# Exercise instructions
Repeat exactly, and only, the lines from the one containing "split=> [xz|yz]; last" through the last line of the data below.

# Extracted records
┌──

Lemma near_pred_eq (T : choiceType) (s : seq T) (P : T -> I -> Prop) (Q : T -> Prop) :
  (forall t i, P t i -> t \in s) -> (forall t, Q t -> t \in s) ->
  (forall t, t \in s -> Q t <-> \forall i \near U, P t i) ->
  \forall i \near U, (fun t => P t i) = Q.
Proof.
move=> Ps Qs QP.
have agree : \forall i \near U, forall t, t \in s -> (P t i <-> Q t).
  apply: near_all_mem => t ts; rewrite nearE.
  by apply: filterS (near_iff_near (P t)) => i; rewrite QP.
rewrite nearE; apply: filterS agree => i agree_i.
apply/funext => t; apply/propext; split => [Pti|Qt].
- by rewrite -agree_i // (Ps t i).
- by rewrite agree_i // Qs.
Qed.

End UltraFilterFacts.

Section Ultraproduct.
Variables (Pi Rs : finType) (I : Type) (U : set_system I) (M : I -> model Pi Rs).
Context {U_ultra : UltraFilter U}.

Definition ultra_seq := forall i, dom (M i).

Definition ultra_equiv (x y : ultra_seq) := \forall i \near U, x i = y i.

Lemma ultra_equiv_refl x : ultra_equiv x x.
Proof. exact: nearW. Qed.

Lemma ultra_equiv_sym x y : ultra_equiv x y -> ultra_equiv y x.
Proof. by rewrite /ultra_equiv nearE; apply: filterS. Qed.

Lemma ultra_equiv_trans x y z : ultra_equiv x y -> ultra_equiv y z -> ultra_equiv x z.
Proof.
by move=> xy yz; rewrite /ultra_equiv nearE; apply: filterS (filterI xy yz) => i [->].
Qed.

(* The ultraproduct is the quotient of [ultra_seq] by [ultra_equiv]; a class
   is represented by the predicate [ultra_equiv x]. *)
Definition ultraprod_dom := {P : ultra_seq -> Prop | exists x, P = ultra_equiv x}.

Definition ucls (x : ultra_seq) : ultraprod_dom :=
  exist _ (ultra_equiv x) (ex_intro _ x erefl).

Definition urep (c : ultraprod_dom) : ultra_seq := sval (cid (svalP c)).

Lemma ucls_eq x y : ucls x = ucls y <-> ultra_equiv x y.
Proof.
split=> [/(congr1 sval) /= equiv_xy|xy].
  by rewrite equiv_xy; exact: ultra_equiv_refl.
rewrite /ucls; apply: eq_exist; apply/funext => z; apply/propext.
split=> [xz|yz]; last exact: ultra_equiv_trans xy yz.
exact: ultra_equiv_trans (ultra_equiv_sym xy) xz.
Qed.

Lemma ucls_urep c : ucls (urep c) = c.
Proof.
case: c => P hP; rewrite /ucls /urep /=; apply: eq_exist.
by case: cid.
Qed.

└──

# Worked solution
split=> [xz|yz]; last exact: ultra_equiv_trans xy yz.
exact: ultra_equiv_trans (ultra_equiv_sym xy) xz.
Qed.

Lemma ucls_urep c : ucls (urep c) = c.
Proof.
case: c => P hP; rewrite /ucls /urep /=; apply: eq_exist.
by case: cid.
Qed.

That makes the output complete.